My Short Basketball Diary

1989 – I am 6. I start to understand that basketball is something tall people do. Dad plays in a league in Princeton, NJ. He seems to take this more seriously than the games we play at home: hide and seek, Sorry, and checkers. The men are all taller than me and wear short shorts. There is lots of yelling, sweating, and long, hairy legs.

1994 – I play games of horse and one-on-one with dad at my elementary. The courts are small, with basketball keys five feet wide and 3-point arcs closer to the hoop than they should be. We play full court games. He takes it easy on me, but not too easy. Some of my shots still get swatted away.

1995 – My parents photograph me in the backyard wearing Shaq’s brand new Reebok Shaq Attaq shoe with the Pump. I rep Duke with a new Starter, pullover jacket. I stretch my arms out as long and as straight as possible, mimicking Jordan’s famous Wings poster by Nike.

1997 – I try out for and make a club basketball squad, but the coach doesn’t play me that much. He plays his son a lot. His son’s friends play a lot too. At the end of one game in particular, I remember Dad giving the coaches a piece of his mind. Maybe I was a little embarrassed or surprised, but I remember feeling proud. I had the most potential of any player on the team and my dad knew that. He stood up for that.

1999 – Longmont High School. Spent my junior year on the JV squad. My coach was a horrible, bitter man because he was short, among other things, and he had a temper without any basketball knowledge. After a loss he threw a shoe at a locker and dented it. A teammate had some peculiar scratches on his back and we all learned in the locker room that his girlfriend had scratched him there during sex. My jaw dropped.

1999 – The last game of the season was in Greeley. My coach decides to play me for most of the game, a welcome change. I play my heart out and make it clear to him that he doesn’t know what he is doing. It felt amazing.

2000 – I do not go out for basketball my senior year. This is when I put it together that I don’t have to play this sport. I excel at swimming and devote the year to that. I am happy to leave the politics and drama of team games. I finally feel free of the expectations to be amazing at basketball because I am tall.

2004 – I make it to the University of Wyoming as an NCAA DI athlete in the sport that was for a long time, option B, swimming. Not bad. In the off season we play pickup basketball games. What I have athletically lacked up to this point, I now finally have after three years at Wyoming, a budding confidence in my athletic ability, an attitude shifting from I can to I will. I see the potential my dad saw in 1997 when he confronted my coaches after that game. During one pickup game in particular, a swimming teammate told me after I drilled another three-pointer in his face, “You should be playing basketball for us.” Heard five years ago, I would have laughed and forgotten about it, but now I agreed with him.

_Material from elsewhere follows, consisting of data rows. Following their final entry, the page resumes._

(* Gronwall: [(h x)^2 exp (-2 K x)] is nonincreasing and vanishes at [x0]. *)
Lemma eq0_of_abs_deriv_le (h dh : R -> R) (K x0 : R) :
  (forall x, is_derive h x (dh x)) -> (forall x, Rabs (dh x) <= K * Rabs (h x)) ->
  h x0 = 0 -> forall y, x0 <= y -> h y = 0.
Proof.
  intros Hd Hb H0 y Hy.
  set (Z := fun x => h x ^ 2 * exp (- (2 * K) * x)).
  assert (HZ : Z y <= Z x0).
  { apply (nonincreasing_of_deriv_nonpos Z
      (fun x => 2 * exp (- (2 * K) * x) * (h x * dh x - K * h x ^ 2)) x0 y Hy).
    - intros x _. unfold Z. auto_derive; [exists (dh x); apply Hd|].
      Derive_eta. rewrite (is_derive_unique h x (dh x) (Hd x)). ring.
    - intros x _.
      assert (h x * dh x <= K * h x ^ 2).
      { eapply Rle_trans; [apply Rle_abs|].
        rewrite Rabs_mult, <- (pow2_abs (h x)).
        replace (K * Rabs (h x) ^ 2) with (Rabs (h x) * (K * Rabs (h x))) by ring.
        apply Rmult_le_compat_l; [apply Rabs_pos | apply Hb]. }
      assert (0 < exp (- (2 * K) * x)) by apply exp_pos.
      nra. }
  assert (HZ0 : Z x0 = 0) by (unfold Z; rewrite H0; ring).
  rewrite HZ0 in HZ; unfold Z in HZ.
  assert (0 < exp (- (2 * K) * y)) by apply exp_pos.
  assert (h y ^ 2 <= 0) by nra.
  nra.
Qed.

Lemma between_limits_of_deriv_nonpos (h dh : R -> R) (a b : R) :
  (forall x, is_derive h x (dh x)) -> (forall x, dh x <= 0) ->
  is_lim h m_infty a -> is_lim h p_infty b -> forall y, b <= h y <= a.
Proof.
  intros Hd Hs Ha Hb y. split.
  - apply (is_lim_le_const h p_infty); [|exact Hb].
    exists y; intros z Hz. apply (nonincreasing_of_deriv_nonpos h dh); auto; lra.
  - apply (is_lim_ge_const h m_infty); [|exact Ha].
    exists y; intros z Hz. apply (nonincreasing_of_deriv_nonpos h dh); auto; lra.
Qed.

Lemma limits_lt_of_deriv_nonpos (h dh : R -> R) (a b x0 : R) :
  (forall x, is_derive h x (dh x)) -> (forall x, dh x <= 0) -> dh x0 < 0 ->
  is_lim h m_infty a -> is_lim h p_infty b -> b < a.
Proof.
  intros Hd Hs Hx0 Ha Hb.
  destruct (is_derive_pos_local (fun y => - h y) x0 (- dh x0)) as [d [Hd0 [Hright _]]];
    [apply is_derive_Ropp, Hd | lra |].
  specialize (Hright (x0 + d / 2) ltac:(lra)).
  destruct (between_limits_of_deriv_nonpos h dh a b Hd Hs Ha Hb x0).
  destruct (between_limits_of_deriv_nonpos h dh a b Hd Hs Ha Hb (x0 + d / 2)).
  lra.
Qed.

Lemma ex_deriv_neq0 (h : R -> R) (a b : R) : (forall x, ex_derive h x) ->
  is_lim h m_infty a -> is_lim h p_infty b -> a <> b -> exists x, Derive h x <> 0.
Proof.
  intros Hd Ha Hb Hab.
  set (eps := Rabs (b - a) / 2).
  assert (Hba : 0 < Rabs (b - a)) by (apply Rabs_pos_lt; lra).
  assert (Heps : 0 < eps) by (unfold eps; lra).
  destruct (is_lim_m_infty_eps h a eps Ha Heps) as [M HM].
  destruct (is_lim_p_infty_eps h b eps Hb Heps) as [N HN].
  set (l := Rmin M N - 1). set (r := Rmax M N + 1).
  assert (Hl : l < M) by (unfold l; generalize (Rmin_l M N); lra).
  assert (Hr : N < r) by (unfold r; generalize (Rmax_r M N); lra).
  assert (Hlr : l < r) by (unfold l, r; generalize (Rmin_l M N) (Rmax_l M N); lra).
  destruct (MVT_cor2 h (Derive h) l r Hlr) as [x [Hx _]];
    [intros; apply is_derive_Reals, Derive_correct, Hd |].
  exists x; intro H0. rewrite H0, Rmult_0_l in Hx.
  specialize (HM l Hl). specialize (HN r Hr).
  replace (h r) with (h l) in HN by lra. unfold eps in *.
  assert (Rabs (b - a) <= Rabs (h l - a) + Rabs (b - h l)).
  { replace (b - a) with ((h l - a) + (b - h l)) by ring. apply Rabs_triang. }
  rewrite Rabs_minus_sym in HN. lra.
Qed.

2010 – I coach NCAA DI swimming in Milwaukee. In the spring I play basketball games with the men’s team. I get far too heated during one game and yell at a swimmer of mine for not playing basketball well enough. I feel awful and embarrassed. I apologize, but I can tell I hurt him.

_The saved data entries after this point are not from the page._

(* Let $\mathcal{C}$ be a peircean bicategory. For every arrow $c:X\to Y$, $(\neg c)^\dagger=\neg(c^\dagger)$.
   Context: Composition in diagrammatic order. A cartesian bicategory is a poset-enriched symmetric monoidal category with, for each $X$, commutative comonoid $(\mathrm{copy}_X,\mathrm{disc}_X)$ and monoid $(\mathrm{cocopy}_X,\mathrm{codisc}_X)$ forming special Frobenius bimonoids, comonoid left adjoint to monoid, every arrow $c$ satisfying $c;\mathrm{copy}\le\mathrm{copy};(c\otimes c)$ and $c;\mathrm{disc}\le\mathrm{disc}$, with standard coherence. A map is an arrow $f$ with $f;\mathrm{copy}=\mathrm{copy};(f\otimes f)$ and $f;\mathrm{disc}=\mathrm{disc}$. A peircean bicategory is a cartesian bicategory whose homsets carry Boolean algebras (with the given order) such that $f;\neg c=\neg(f;c)$ for every map $f:X\to Y$ and arrow $c:Y\to Z$. The converse of $c:X\to Y$ is $c^\dagger=(\mathrm{id}_Y\otimes(\mathrm{codisc}_X;\mathrm{copy}_X));(\mathrm{id}_Y\otimes c\otimes\mathrm{id}_X);((\mathrm{cocopy}_Y;\mathrm{disc}_Y)\otimes\mathrm{id}_X):Y\to X$. *)

(* Plain Rocq (no library needed). Peircean bicategories, following the paper:
   composition is written in DIAGRAMMATIC order: comp f g = f ; g. *)

Record Sig := {
  ob : Type;
  hom : ob -> ob -> Type;
  le : forall X Y : ob, hom X Y -> hom X Y -> Prop;
  idm : forall X : ob, hom X X;
  comp : forall X Y Z : ob, hom X Y -> hom Y Z -> hom X Z;
  tob : ob -> ob -> ob;
  unit : ob;
  tens : forall X Y X' Y' : ob, hom X Y -> hom X' Y' -> hom (tob X X') (tob Y Y');
  assoc : forall X Y Z : ob, hom (tob (tob X Y) Z) (tob X (tob Y Z));
  assoc_i : forall X Y Z : ob, hom (tob X (tob Y Z)) (tob (tob X Y) Z);
  lu : forall X : ob, hom (tob unit X) X;
  lu_i : forall X : ob, hom X (tob unit X);
  ru : forall X : ob, hom (tob X unit) X;
  ru_i : forall X : ob, hom X (tob X unit);
  sym : forall X Y : ob, hom (tob X Y) (tob Y X);
  copy : forall X : ob, hom X (tob X X);
  disc : forall X : ob, hom X unit;
  cocopy : forall X : ob, hom (tob X X) X;
  codisc : forall X : ob, hom unit X;
  bmeet : forall X Y : ob, hom X Y -> hom X Y -> hom X Y;
  bjoin : forall X Y : ob, hom X Y -> hom X Y -> hom X Y;
  btop : forall X Y : ob, hom X Y;
  bbot : forall X Y : ob, hom X Y;
  bneg : forall X Y : ob, hom X Y -> hom X Y
}.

2010 – What I realize now is that I am extremely blessed to have the talent to have potentially played a different sport at the DI level. In another life, it would be amazing to prioritize basketball and to see what happens. These swimmers of mine, although very talented in swimming, some far faster than me, likely could not say the same thing. Of course, they aren’t 6’9″, but to this day I believe what set me apart on the court during those rare basketball games throughout my life were the games against Dad. He’d play. He’d coach. He’d praise. He’d criticize. He believed in me so that I would eventually believe in myself. That’s a rare gift, rarer than reaching 6 foot 9 inches.